Finally, back to the beginning.

The first entry in my PhD journal reads thus:

Some of the things I want to include:

The spiritual aspect.

The sense of self.

The sense of place.

Identity as a fragile, contextual thing … I worry about my rigidity.

Can I sustain the energy?

The essence is this, researching and writing a doctoral thesis is a lonely thing to do. It is atonement for curiosity; an exercise in humility; self-inflicted isolation. Nevertheless, this is my search for an identity in an alien space. I was never brought up to be an academic. I was never brought up to be an Australian. I catch a glimpse of myself and ask “Who are you?” or maybe, “Who do you think you are?” And then I continue—because what else is there to do?

So, I did continue and eventually, a couple of days before I turned 60, I was notified that I was through. I was now a bona fide doctor.

Writing and Research

On being a …

Friday and I haven’t fulfilled my commitment to write up my blog this week. I made some notes through the week and had some ideas. Now, most of those ideas seem weak and not worth the effort.

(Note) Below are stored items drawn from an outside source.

(* Assume the standing setting, let $\epsilon>0$, fix a coarse index $j$ and an integer $m$ with $1\le m\le r/2$. If $|u^0_i-u^0_{i+1}|\le \epsilon/3^{M}$ for all $i\in\mathbb Z$, then $|u^M_{jr}-u^M_{jr+m}|\le m\epsilon$.
   Context: Standing setting. Let $F:\mathbb R\to\mathbb R$ be continuously differentiable. For a spatial step $\eta>0$, a time step $\tau>0$ and an initial sequence $(z^0_i)_{i\in\mathbb Z}$ of reals, the EFC (Euler forward in time, centered in space) scheme produces $(z^n_i)_{i\in\mathbb Z,\,n\in\mathbb N}$ by $z^{n+1}_i=z^n_i-F'(z^n_i)\frac{\tau}{2\eta}\,(z^n_{i+1}-z^n_{i-1})$. It satisfies the CFL condition if $|F'(z^n_i)|\,\tau/\eta\le 1$ for all $i\in\mathbb Z$, $n\in\mathbb N$. Fix $a\in\mathbb R$, $h>0$, $\Delta t>0$, an integer $N>1$ and an even integer $r\ge 2$; put $k=h/r$, $dt=\Delta t/r$, $M=Nr$. Let $u_0:\mathbb R\to\mathbb R$. The coarse solution $(w^n_j)$ is the EFC scheme with $\eta=h$, $\tau=\Delta t$, $w^0_j=u_0(a+jh)$; the fine solution $(u^n_i)$ is the EFC scheme with $\eta=k$, $\tau=dt$, $u^0_i=u_0(a+ik)$ (so $w^0_j=u^0_{jr}$). Both are assumed to satisfy the CFL condition. *)

From Stdlib Require Import Reals Lra Lia ZArith.
Open Scope R_scope.

(* EFC scheme (Euler forward in time, centered in space) for the flux F,
   given through its derivative dF = F'.  [efc dF eta tau z0 n i] = z^n_i. *)
Fixpoint efc (dF : R -> R) (eta tau : R) (z0 : Z -> R) (n : nat) : Z -> R :=
  match n with
  | O => z0
  | S n' => fun i =>
      efc dF eta tau z0 n' i
      - dF (efc dF eta tau z0 n' i) * (tau / (2 * eta))
        * (efc dF eta tau z0 n' (i + 1)%Z - efc dF eta tau z0 n' (i - 1)%Z)
  end.

Definition cfl (dF : R -> R) (eta tau : R) (z : nat -> Z -> R) : Prop :=
  forall (n : nat) (i : Z), Rabs (dF (z n i)) * tau / eta <= 1.

(* Under the CFL condition each EFC step is [z_i - c_i (z_{i+1} - z_{i-1})] with
   [|c_i| <= 1/2], so the differences of neighbouring values grow by at most a factor 3
   per time step: after [M] steps they are at most [eps], and the triangle inequality
   over [m] consecutive neighbours gives the bound [m eps]. *)
From Stdlib Require Import Reals ZArith Arith Lra Lia.
Open Scope R_scope.

Lemma cfl_coef_le_half (d tau eta : R) : 0 < eta -> 0 < tau ->
  Rabs d * tau / eta <= 1 -> Rabs (d * (tau / (2 * eta))) <= / 2.
Proof.
  intros Heta Htau Hcfl.
  rewrite Rabs_mult, (Rabs_right (tau / (2 * eta))).
  - replace (Rabs d * (tau / (2 * eta))) with (Rabs d * tau / eta / 2) by (field; lra).
    lra.
  - apply Rle_ge, Rlt_le, Rdiv_lt_0_compat; lra.
Qed.

Lemma Rabs_mult_le_half (c x B : R) :
  Rabs c <= / 2 -> Rabs x <= 2 * B -> Rabs (c * x) <= B.
Proof.
  intros Hc Hx; rewrite Rabs_mult.
  pose proof (Rabs_pos c); pose proof (Rabs_pos x); nra.
Qed.

Lemma centered_step_diff_le (z c : Z -> R) (D : R) :
  (forall i, Rabs (c i) <= / 2) ->
  (forall i, Rabs (z i - z (i + 1)%Z) <= D) ->
  forall i,
    Rabs ((z i - c i * (z (i + 1)%Z - z (i - 1)%Z))
          - (z (i + 1)%Z - c (i + 1)%Z * (z (i + 1 + 1)%Z - z (i + 1 - 1)%Z)))
    <= 3 * D.
Proof.
  intros Hc Hz i.
  replace (i + 1 - 1)%Z with i by lia.
  assert (Hleft := Hz (i - 1)%Z); replace (i - 1 + 1)%Z with i in Hleft by lia.
  assert (Hmid := Hz i); assert (Hright := Hz (i + 1)%Z).
  assert (Hc_left : Rabs (c i * (z (i + 1)%Z - z (i - 1)%Z)) <= D).
  { apply Rabs_mult_le_half; [apply Hc|].
    replace (z (i + 1)%Z - z (i - 1)%Z)
      with (- ((z i - z (i + 1)%Z) + (z (i - 1)%Z - z i))) by ring.
    rewrite Rabs_Ropp; eapply Rle_trans; [apply Rabs_triang | lra]. }
  assert (Hc_right : Rabs (c (i + 1)%Z * (z (i + 1 + 1)%Z - z i)) <= D).
  { apply Rabs_mult_le_half; [apply Hc|].
    replace (z (i + 1 + 1)%Z - z i)
      with (- ((z i - z (i + 1)%Z) + (z (i + 1)%Z - z (i + 1 + 1)%Z))) by ring.
    rewrite Rabs_Ropp; eapply Rle_trans; [apply Rabs_triang | lra]. }
  match goal with |- Rabs ?e <= _ =>
    replace e with ((z i - z (i + 1)%Z) - c i * (z (i + 1)%Z - z (i - 1)%Z)
                    + c (i + 1)%Z * (z (i + 1 + 1)%Z - z i)) by ring end.
  eapply Rle_trans; [apply Rabs_triang|].
  eapply Rle_trans; [apply Rplus_le_compat_r, Rabs_triang|].
  rewrite Rabs_Ropp; lra.
Qed.

Lemma efc_diff_le (dF : R -> R) (eta tau : R) (z0 : Z -> R) (D : R) :
  0 < eta -> 0 < tau -> cfl dF eta tau (efc dF eta tau z0) ->
  (forall i, Rabs (z0 i - z0 (i + 1)%Z) <= D) ->
  forall n i, Rabs (efc dF eta tau z0 n i - efc dF eta tau z0 n (i + 1)%Z) <= D * 3 ^ n.
Proof.
  intros Heta Htau Hcfl H0 n; induction n as [|n IH]; intro i.
  - rewrite Rmult_1_r; apply H0.
  - replace (D * 3 ^ S n) with (3 * (D * 3 ^ n)) by (simpl; ring).
    apply (centered_step_diff_le (efc dF eta tau z0 n)
             (fun l => dF (efc dF eta tau z0 n l) * (tau / (2 * eta)))); [|exact IH].
    intro l; exact (cfl_coef_le_half _ _ _ Heta Htau (Hcfl n l)).
Qed.

Lemma Rabs_sub_shift_le (f : Z -> R) (D : R) :
  (forall l, Rabs (f l - f (l + 1)%Z) <= D) ->
  forall (i : Z) (m : nat), Rabs (f i - f (i + Z.of_nat m)%Z) <= INR m * D.
Proof.
  intros H i m; induction m as [|m IH].
  - rewrite Z.add_0_r, Rminus_diag, Rabs_R0; simpl; lra.
  - rewrite S_INR, Nat2Z.inj_succ.
    replace (i + Z.succ (Z.of_nat m))%Z with (i + Z.of_nat m + 1)%Z by lia.
    replace (f i - f (i + Z.of_nat m + 1)%Z)
      with ((f i - f (i + Z.of_nat m)%Z)
            + (f (i + Z.of_nat m)%Z - f (i + Z.of_nat m + 1)%Z)) by ring.
    eapply Rle_trans; [apply Rabs_triang|].
    specialize (H (i + Z.of_nat m)%Z); lra.
Qed.

Theorem proposition9 :
  forall (F dF : R -> R),
    (forall x, derivable_pt_lim F x (dF x)) -> continuity dF ->
  forall (a h Dt : R) (N r : nat) (u0 : R -> R),
    0 < h -> 0 < Dt -> (1 < N)%nat -> (2 <= r)%nat -> Nat.Even r ->
    let k := h / INR r in
    let dt := Dt / INR r in
    let M := (N * r)%nat in
    let w := efc dF h Dt (fun j => u0 (a + IZR j * h)) in
    let u := efc dF k dt (fun i => u0 (a + IZR i * k)) in
    cfl dF h Dt w -> cfl dF k dt u ->
  forall (eps : R) (j : Z) (m : nat),
    0 < eps -> (1 <= m)%nat -> (2 * m <= r)%nat ->
    (forall i : Z, Rabs (u O i - u O (i + 1)%Z) <= eps / 3 ^ M) ->
    Rabs (u M (j * Z.of_nat r)%Z - u M (j * Z.of_nat r + Z.of_nat m)%Z) <= INR m * eps.
Proof.
  intros F dF _ _ a h Dt N r u0 Hh HDt _ Hr _ k dt M w u _ Hcfl eps j m _ _ _ H0.
  assert (Hr_pos : 0 < INR r) by (apply lt_0_INR; lia).
  assert (Hk : 0 < k) by (apply Rdiv_lt_0_compat; assumption).
  assert (Hdt : 0 < dt) by (apply Rdiv_lt_0_compat; assumption).
  assert (H3M : 0 < 3 ^ M) by (apply pow_lt; lra).
  apply Rabs_sub_shift_le.
  replace eps with (eps / 3 ^ M * 3 ^ M) by (field; lra).
  exact (efc_diff_le dF k dt _ _ Hk Hdt Hcfl H0 M).
Qed.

I thought about when I was mugged. I decided that it brought back too many uncomfortable memories so I ditched that idea.

I thought of writing about being a dotty old woman (which I undoubtably am) but my stories of thinking of something new to do everyday – one of which included getting out of bed head first (and nearly knocking myself out) may be true but may not be credible. So, I ditched that idea.

I thought of writing about earning a doctorate. That is plain boring. Ditched.

Then I thought of an amazingly wonderful trek I did in Zimbabwe some 20 years ago. Yes! Bingo! That would work, but I’m not going to do that because I can’t find the photos. It was New Year 1996/1997 and I was in the Honde Valley with my brother and sister-in-law. I will write about this, but not this week.

Watch this space

 

On being a …

Once upon a time?

In Australia my dreams are of Africa.

[In Africa there is no need to dream? Or, no need to remember dreams? Is Australia the place of dreaming? Does Australia cease to exist when I’m in Africa?]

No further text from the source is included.